(MATERIALS PROVIDED begins)

Lemma block_out v x : block v n.+1 x = 0.
Proof. by rewrite /block ltnn. Qed.

Lemma sum_ord_delta_l (k : nat) (g : 'I_n.+1 -> R) :
  \sum_(j : 'I_n.+1) (k == j)%:R * g j = if (k < n.+1)%N then g (inord k) else 0.
Proof.
case: ifP => [lt_kn | /negbT ge_kn].
  rewrite (bigD1 (inord k)) //= inordK // eqxx mul1r big1 ?addr0 // => j ne_jk.
  by rewrite eq_sym -(inj_eq val_inj) /= inordK // in ne_jk; rewrite (negbTE ne_jk) mul0r.
rewrite big1 // => j _; case: eqP => [kj|]; last by rewrite mul0r.
by rewrite kj ltn_ord in ge_kn.
Qed.

Lemma opmul_block_bidiag v (j : 'I_n.+1) x :
  opmul block_bidiag v (j, x) = opmul M (block v j) x - block v j.+1 x.
Proof.
rewrite /opmul (eq_bigr (fun c => block_bidiag (j, x) (c.1, c.2) * v (c.1, c.2)));
  last by case.
rewrite -(pair_bigA _ (fun j' y => block_bidiag (j, x) (j', y) * v (j', y))) /=.
under eq_bigr => j' _.
  rewrite (eq_bigr (fun y => (j == j')%:R * (M x y * v (j', y))
                             - ((j : nat).+1 == j')%:R * ((x == y)%:R * v (j', y))));
    last by move=> y _; ring.
  rewrite sumrB -mulr_sumr -mulr_sumr sum_delta_l.
  over.
rewrite sumrB sum_delta_l sum_ord_delta_l; congr (_ - _).
by apply: eq_bigr => y _; rewrite block_ord.
Qed.

Lemma block_bidiag_offdiag_le0 : offdiag_le0 M -> offdiag_le0 block_bidiag.
Proof.
move=> M_off [j x] [j' x']; rewrite xpair_eqE /block_bidiag.
have [<- /= ne_xx'|ne_jj' _] := eqVneq j j'.
  by rewrite (gtn_eqF (ltnSn _)) mul1r mul0r subr0 M_off.
by rewrite mul0r sub0r oppr_le0 mulr_ge0 ?ler0n.
Qed.

Lemma block_bidiag_inverse_positive :
  inverse_positive M -> inverse_positive block_bidiag.
Proof.
move=> Mpos v Qv_ge0.
have block_ge0 : forall j, (j <= n.+1)%N -> forall x, 0 <= block v j x.
  apply: (@nat_down_ind _ (fun j => forall x, 0 <= block v j x)) => [x|j lt_jn IH].
    by rewrite block_out.
  apply: Mpos => x; have := Qv_ge0 (inord j, x).
  by rewrite opmul_block_bidiag !inordK //; have := IH x; lra.
by case=> j x; rewrite -block_ord block_ge0 // ltnW.
Qed.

(MATERIALS PROVIDED ends)

• _TASK DETAILS_:
Leaving out all lines before the one containing "by rewrite opmul_block_bidiag", copy that line and the rest through the end of the listing above exactly.

• _EXERCISE ANSWER_:
  by rewrite opmul_block_bidiag !inordK //; have := IH x; lra.
by case=> j x; rewrite -block_ord block_ge0 // ltnW.
Qed.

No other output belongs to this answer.